**What the task requires**
Please return all lines from the records below that include the string "eqxx".

::: Data :::

Lemma uniq_nbr_lollipop v : uniq (nbr (lollipop c) v).
Proof.
have [_ c_perm] := c_ports; rewrite nbr_lollipop.
case: ifP => Hv //; case: ifP => HvD.
  rewrite /path_nbr; case: v Hv HvD => [|v] Hv HvD; first by case: ifP; rewrite ?iota_uniq.
  rewrite cat_uniq /=; case: ifP => H /=; first by rewrite !inE; lia.
  by rewrite iota_uniq andbT; apply/hasPn => x; rewrite mem_iota inE; lia.
have Hj : v - D < m by lia.
rewrite cons_uniq (perm_uniq (c_perm _ Hj)) (perm_mem (c_perm _ Hj)) mem_clique_others.
by rewrite filter_uniq ?iota_uniq // andbT; lia.
Qed.

Lemma within1_lollipop u v : u < D + m -> v < D + m -> lollipop_adj u v ->
  within (lollipop c) u v 1.
Proof. by move=> Hu Hv Huv; apply: within1; rewrite mem_nbr_lollipop Hu Hv. Qed.

Lemma lollipop_sym u v : v \in nbr (lollipop c) u -> u \in nbr (lollipop c) v.
Proof.
rewrite !mem_nbr_lollipop /lollipop_adj.
by case: (ltnP u D); case: (ltnP v D) => /=; lia.
Qed.

Lemma level_within u v k : within (lollipop c) u v k -> level v <= level u + k.
Proof.
elim: k u => [|k IH] u /=; first by move/eqP->; rewrite addn0.
move=> /orP [/IH Hv|/hasP [w Hw /IH Hv]]; first lia.
move: Hw Hv; rewrite mem_nbr_lollipop /lollipop_adj /level.
by case: (ltnP u D); case: (ltnP w D) => /=; lia.
Qed.

Lemma within_lollipop_lt u v k : within (lollipop c) u v k -> u < D + m -> v < D + m.
Proof.
elim: k u => [|k IH] u /=; first by move/eqP->.
move=> /orP [/IH //|/hasP [w Hw /IH Hv]] Hu.
by apply: Hv; move: Hw; rewrite mem_nbr_lollipop => /and3P [].
Qed.

Lemma path_within i k : i + k < D -> within (lollipop c) i (i + k) k.
Proof.
elim: k => [|k IH] Hik; first by rewrite addn0 /= eqxx.
rewrite -addn1 addnA; apply: within_trans (IH _) _; first lia.
by apply: within1_lollipop; rewrite /lollipop_adj; repeat case: ifP; lia.
Qed.

Lemma lollipop_within_D u v : u < D + m -> v < D + m -> within (lollipop c) u v D.
Proof.
wlog Huv : u v / u <= v => [W Hu Hv|Hu Hv].
  by case: (leqP u v) => [|/ltnW] Huv; [|apply: (within_sym lollipop_sym)]; apply: W.
case: (ltnP v D) => HvD.
  have := path_within (i := u) (k := v - u) ltac:(lia).
  by rewrite subnKC //; apply: within_mono; lia.
case: (ltnP u D) => HuD.
  have Hup := path_within (i := u) (k := D.-1 - u) ltac:(lia).
  have Hstep : within (lollipop c) (u + (D.-1 - u)) v 1.
    by apply: within1_lollipop; rewrite /lollipop_adj; repeat case: ifP; lia.
  by apply: within_mono (within_trans Hup Hstep); lia.
case: (eqVneq u v) => [->|Hneq]; first exact: within_refl.
apply: within_mono (within1_lollipop Hu Hv _); first lia.
by rewrite /lollipop_adj; repeat case: ifP; lia.
Qed.

Lemma lollipop_in_class : 0 < m -> in_class (D + m) D (lollipop c).
Proof.
move=> m_gt0; have Hsz := gsize_lollipop c; split => //.
- split; last by exists D => u v; rewrite Hsz; apply: lollipop_within_D.
  move=> v; rewrite Hsz => Hv; split=> [|||u _].
  + by apply/allP => u; rewrite mem_nbr_lollipop => /and3P [].
  + exact: uniq_nbr_lollipop.
  + by rewrite mem_nbr_lollipop /lollipop_adj; repeat case: ifP; lia.
  + by apply/idP/idP; apply: lollipop_sym.
- split=> [u v|D' HD']; rewrite Hsz; first exact: lollipop_within_D.
  exists 0, D; split; [lia | lia | apply/negP => /level_within].
  by rewrite /level ltnn D_gt0; lia.
Qed.

Lemma near0_on_path u : within (lollipop c) 0 u D.-1 -> u < D.
Proof. by move/level_within; rewrite /level D_gt0; case: ifP => //; lia. Qed.

End Ports.

(* Seen from node 0 within [D] rounds, the port orders inside the clique are
   invisible: the only edges leaving the path enter the clique on port 0. *)
Lemma state_lollipop0 Out (A : algo Out) c c' adv adv' r :
  lollipop_ports c -> lollipop_ports c' -> r <= D ->
  (forall u, u < D + m -> adv u = adv' u) ->
  state A (lollipop c) adv r 0 = state A (lollipop c') adv' r 0.
Proof.
move=> Hc Hc' Hr Hadv.
apply: (@state_local _ A _ _ adv adv' 0 D) => // [u Hu|u _|u Hu|u w Hu Hw].
- by rewrite !nbr_lollipop (near0_on_path Hc Hu).
- rewrite /deg !nbr_lollipop; case: ifP => // H1; case: ifP => //= H2.
  by rewrite (perm_size (Hc.2 _ _)) ?(perm_size (Hc'.2 _ _)) //; lia.
- by apply/Hadv/(within_lollipop_lt Hc Hu); lia.
- have HuD := near0_on_path Hc Hu.
  move: Hw; rewrite mem_nbr_lollipop // => /and3P [_ Hw Huw].
  rewrite !nbr_lollipop Hw; case: ifP => //= HwD.
  by move: Huw; rewrite /lollipop_adj HuD HwD /= => /eqP ->; rewrite eqxx.
Qed.

End Lollipop.

(** * Counting views *)

Lemma uniq_size_le_code (T : eqType) (F : seq T) (P : T -> nat -> Prop) B :
  uniq F -> (forall x, x \in F -> exists2 k, k < B & P x k) ->
  (forall x y k, x \in F -> y \in F -> P x k -> P y k -> x = y) -> size F <= B.
Proof.
move=> F_uniq F_code P_inj.
have [f Hf] : exists f : T -> nat, forall x, x \in F -> f x < B /\ P x (f x).
  elim: F {F_uniq P_inj} F_code => [|x F IH] F_code; first by exists (fun=> 0).
  have [f Hf] := IH (fun y Hy => F_code y (mem_behead (s := x :: F) Hy)).
  have [k Hk Pk] := F_code x (mem_head x F).
  exists (fun y => if y == x then k else f y) => y.
  by rewrite inE; case: eqP => [->|_] //= /Hf.
rewrite -(size_map f) -(size_iota 0 B); apply: uniq_leq_size.
  rewrite map_inj_in_uniq // => x y Hx Hy Exy.
  by apply: (P_inj x y (f x)) => //; [apply: (Hf x Hx).2 | rewrite Exy; apply: (Hf y Hy).2].
by move=> k /mapP [x Hx ->]; rewrite mem_iota (Hf x Hx).1.
Qed.

(* The leading 1 makes the length of [bs] recoverable. *)
Definition bitstring_nat (bs : seq bool) : nat := foldr (fun (b : bool) k => b + k.*2) 1 bs.

Lemma bitstring_nat_lt bs : 0 < bitstring_nat bs < 2 ^ (size bs).+1.
Proof. by elim: bs => //= b bs IH; rewrite expnS; case: b => /=; lia. Qed.

Lemma bitstring_nat_inj : injective bitstring_nat.
Proof.
elim=> [|b1 bs1 IH] [|b2 bs2] //=.
- by have := bitstring_nat_lt bs2; case: b2 => /=; lia.
- by have := bitstring_nat_lt bs1; case: b1 => /=; lia.
move=> E; have Eb : b1 = b2 by move: E; case: b1; case: b2 => //=; lia.
by subst b2; congr (_ :: _); apply: IH; move: E; case: b1 => /=; lia.
Qed.

Lemma digit_split_inj R a b a' b' : a < R -> a' < R ->
  a + R * b = a' + R * b' -> a = a' /\ b = b'.
Proof.
move=> Ha Ha' E; have Ea : a = a'.
  by move/(congr1 (modn^~ R)): E; rewrite !(addnC _ (R * _)) !(mulnC R) !modnMDl !modn_small.
by split=> //; subst a'; apply/eqP; rewrite -(eqn_pmul2l (_ : 0 < R)); [apply/eqP; lia | lia].
Qed.

Definition digits_val (R : nat) (xs : seq nat) : nat := foldr (fun x k => x + R * k) 0 xs.

Lemma digits_val_lt R xs : all (fun x => x < R) xs -> digits_val R xs < R ^ size xs.
Proof. by elim: xs => [|x xs IH] //= /andP [Hx /IH Hxs]; rewrite expnS; nia. Qed.

Lemma digits_val_inj R xs ys : size xs = size ys ->
  all (fun x => x < R) xs -> all (fun y => y < R) ys ->
  digits_val R xs = digits_val R ys -> xs = ys.
Proof.
elim: xs ys => [|x xs IH] [|y ys] //= [Sxy] /andP [Hx Hxs] /andP [Hy Hys] E.
by have [-> /IH ->] := digit_split_inj Hx Hy E.
Qed.

Lemma iso_map_eq G G' H f f' : wf_pgraph G -> wf_pgraph G' ->
  iso_map G H f -> iso_map G' H f' ->
  (forall u, u < gsize G -> f u = f' u) -> G = G'.
Proof.
move=> [Gwf _] [Gwf' _] [SG _ f_inj f_nbr] [SG' _ _ f_nbr'] Eff'.
have Sn : gsize G' = gsize G by rewrite SG SG'.
apply: (@eq_from_nth _ [::]) => [|u Hu]; first exact/esym.
have Hu' : u < gsize G' by rewrite Sn.
have [nbr_lt _ _ _] := Gwf u Hu; have [nbr_lt' _ _ _] := Gwf' u Hu'.
apply: (@inj_in_map _ _ f [pred x | x < gsize G]) => [x y|||]; first exact: f_inj.
- exact: nbr_lt.
- by move: nbr_lt'; rewrite Sn.
- rewrite f_nbr // Eff' // -f_nbr' ?Sn //; apply/eq_in_map => x Hx.
  by rewrite Eff' // -Sn (allP nbr_lt' x Hx).
Qed.

Section Views.

Variables n s : nat.

(* Encodes the advice of all nodes and the isomorphism onto the output of node
   0; by locality these determine a lollipop graph. *)
Definition view_code (adv : advice) (f : nat -> nat) : nat :=
  digits_val n (map f (iota 0 n)) +
  n ^ n * digits_val (2 ^ s.+1) (map (bitstring_nat \o adv) (iota 0 n)).

Lemma iso_digits G H f : gsize G = n -> iso_map G H f ->
  all (fun x => x < n) (map f (iota 0 n)).
Proof.
move=> SG [SGH f_lt _ _]; apply/allP => x /mapP [u]; rewrite mem_iota => Hu ->.
by rewrite -SG SGH f_lt // SG.
Qed.

Lemma advice_digits G adv : gsize G = n -> advice_size_le G adv s ->
  all (fun x => x < 2 ^ s.+1) (map (bitstring_nat \o adv) (iota 0 n)).
Proof.
move=> SG Hadv; apply/allP => x /mapP [u]; rewrite mem_iota => Hu ->.
have /andP [_ Hlt] := bitstring_nat_lt (adv u).
by apply: leq_trans Hlt _; rewrite leq_exp2l // ltnS Hadv // SG.
Qed.

Lemma iso_digits_val_lt G H f : gsize G = n -> iso_map G H f ->
  digits_val n (map f (iota 0 n)) < n ^ n.
Proof.
by move=> SG Hf; have := digits_val_lt (iso_digits SG Hf); rewrite size_map size_iota.
Qed.

Lemma view_code_lt G H adv f : gsize G = n -> advice_size_le G adv s ->
  iso_map G H f -> view_code adv f < n ^ n * (2 ^ s.+1) ^ n.
Proof.
move=> SG Hadv Hf; have := iso_digits_val_lt SG Hf.
have := digits_val_lt (advice_digits SG Hadv).
by rewrite size_map size_iota /view_code; nia.
Qed.

Lemma view_code_inj G G' H H' adv adv' f f' :
  gsize G = n -> gsize G' = n -> advice_size_le G adv s -> advice_size_le G' adv' s ->
  iso_map G H f -> iso_map G' H' f' -> view_code adv f = view_code adv' f' ->
  forall u, u < n -> f u = f' u /\ adv u = adv' u.
Proof.
move=> SG SG' Hadv Hadv' Hf Hf' E u Hu.
have [Ef Eadv] := digit_split_inj (iso_digits_val_lt SG Hf) (iso_digits_val_lt SG' Hf') E.
move/(digits_val_inj _ (iso_digits SG Hf) (iso_digits SG' Hf')): Ef.
move/(digits_val_inj _ (advice_digits SG Hadv) (advice_digits SG' Hadv')): Eadv.
rewrite !size_map => /(_ erefl) /eq_in_map Eadv /(_ erefl) /eq_in_map Ef.
have Hu0 : u \in iota 0 n by rewrite mem_iota.
by split; [apply: Ef | apply: bitstring_nat_inj; apply: Eadv].
Qed.

End Views.

Lemma lollipops_count D m s : 0 < D -> 0 < m -> sufficient_anon (D + m) D D s ->
  size (lollipops D m) <= (D + m) ^ (D + m) * (2 ^ s.+1) ^ (D + m).
Proof.
move=> D_gt0 m_gt0 [A HA]; set n := D + m.
pose P G k := exists adv H f, [/\ advice_size_le G adv s,
  outputs_within A G adv D 0 H, iso_map G H f & k = view_code n s adv f].
apply: (@uniq_size_le_code _ _ P); first exact: lollipops_uniq.
  move=> _ /mapP [c /port_choices_ports Hc ->].
  have Gcls := lollipop_in_class D_gt0 Hc m_gt0; have [_ SG _] := Gcls.
  have [adv [Hadv Hsol]] := HA _ Gcls.
  have [H [Ho [f Hf]]] := Hsol 0 ltac:(rewrite SG; lia).
  by exists (view_code n s adv f); [apply: view_code_lt Hf | exists adv, H, f].
move=> _ _ k /mapP [c /port_choices_ports Hc ->] /mapP [c' /port_choices_ports Hc' ->].
move=> [adv [H [f [Hadv Ho Hf ->]]]] [adv' [H' [f' [Hadv' Ho' Hf' Ecode]]]].
have [Gwf SG _] := lollipop_in_class D_gt0 Hc m_gt0.
have [Gwf' SG' _] := lollipop_in_class D_gt0 Hc' m_gt0.
have Eview := view_code_inj SG SG' Hadv Hadv' Hf Hf' Ecode.
have EH : H = H'.
  apply: (outputs_within_det _ Ho Ho') => r Hr.
  by rewrite (state_lollipop0 D_gt0 A (adv' := adv') Hc Hc' Hr) // => u /Eview [].
subst H'; apply: iso_map_eq Gwf Gwf' Hf Hf' _ => u; rewrite SG.
by move/Eview => [].
Qed.

Lemma fact_expn_le a b : a ^ b * a`! <= (a + b)`!.
Proof.
elim: b => [|b IH]; first by rewrite expn0 mul1n addn0.
by rewrite expnS addnS factS -mulnA leq_mul // ltnW // ltnS leq_addr.
Qed.

Lemma half_expn_le_fact k : k./2 ^ k./2 <= k`!.
Proof.
rewrite [in X in _ <= X](_ : k = k./2 + (k - k./2)); last lia.
have : k./2 <= k - k./2 by lia.
case: k./2 => [|h] Hh; first by rewrite fact_gt0.
apply: leq_trans (fact_expn_le _ _); apply: leq_trans (leq_pmulr _ (fact_gt0 _)).
by rewrite leq_pexp2l.
Qed.

Lemma anon_advice_count D m s : 0 < D -> 0 < m -> sufficient_anon (D + m) D D s ->
  (m.-1)./2 ^ ((m.-1)./2 * m) <= (D + m) ^ (D + m) * 2 ^ (s.+1 * (D + m)).
Proof.
move=> D_gt0 m_gt0 Hs; rewrite !expnM.
apply: leq_trans (lollipops_count D_gt0 m_gt0 Hs); rewrite size_lollipops.
by rewrite leq_exp2r // half_expn_le_fact.
Qed.

(** * Asymptotics *)

Local Open Scope R_scope.

Lemma INR_addn a b : INR (a + b)%N = INR a + INR b.
Proof. exact: plus_INR. Qed.

Lemma INR_muln a b : INR (a * b)%N = INR a * INR b.
Proof. exact: mult_INR. Qed.

Lemma INR_expn a k : INR (a ^ k)%N = INR a ^ k.
Proof. by elim: k => [|k IH]; rewrite ?expn0 // expnS INR_muln IH. Qed.

Lemma leq_INR a b : (a <= b)%N -> INR a <= INR b.
Proof. by move/leP; apply: le_INR. Qed.

Lemma INR_leq a b : INR a <= INR b -> (a <= b)%N.
Proof. by move/INR_le/leP. Qed.

Lemma ln_le x y : 0 < x -> x <= y -> ln x <= ln y.
Proof. by move=> Hx [Hxy|->]; [left; apply: ln_increasing | right]. Qed.

Lemma ln2_pos : 0 < ln 2.
Proof. by have := ln_lt_2; lra. Qed.

Lemma ln_expn_le (a b n k : nat) : (0 < a)%N -> (0 < n)%N ->
  (a ^ b <= n ^ n * 2 ^ k)%N ->
  INR b * ln (INR a) <= INR n * ln (INR n) + INR k * ln 2.
Proof.
move=> /leq_INR /= Ha /leq_INR /= Hn /leq_INR.
rewrite INR_muln !INR_expn (_ : INR 2 = 2) => [Hle|]; last by rewrite /=; lra.
have Ha0 : 0 < INR a by lra.
have Hn0 : 0 < INR n by lra.
move: (ln_le (pow_lt _ b Ha0) Hle).
by rewrite ln_mult ?ln_pow //; try apply: pow_lt; lra.
Qed.

Lemma trunc_log_le_ln n : (0 < n)%N -> INR (trunc_log 2 n) * ln 2 <= ln (INR n).
Proof.
move=> Hn; have Hpow : (2 ^ trunc_log 2 n <= n)%N by apply: trunc_logP.
rewrite -ln_pow; last lra.
by apply: ln_le; [apply: pow_lt; lra | rewrite -(INR_expn 2); apply: leq_INR].
Qed.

:::

**Response to this task**
elim: k => [|k IH] Hik; first by rewrite addn0 /= eqxx.
  by move: Huw; rewrite /lollipop_adj HuD HwD /= => /eqP ->; rewrite eqxx.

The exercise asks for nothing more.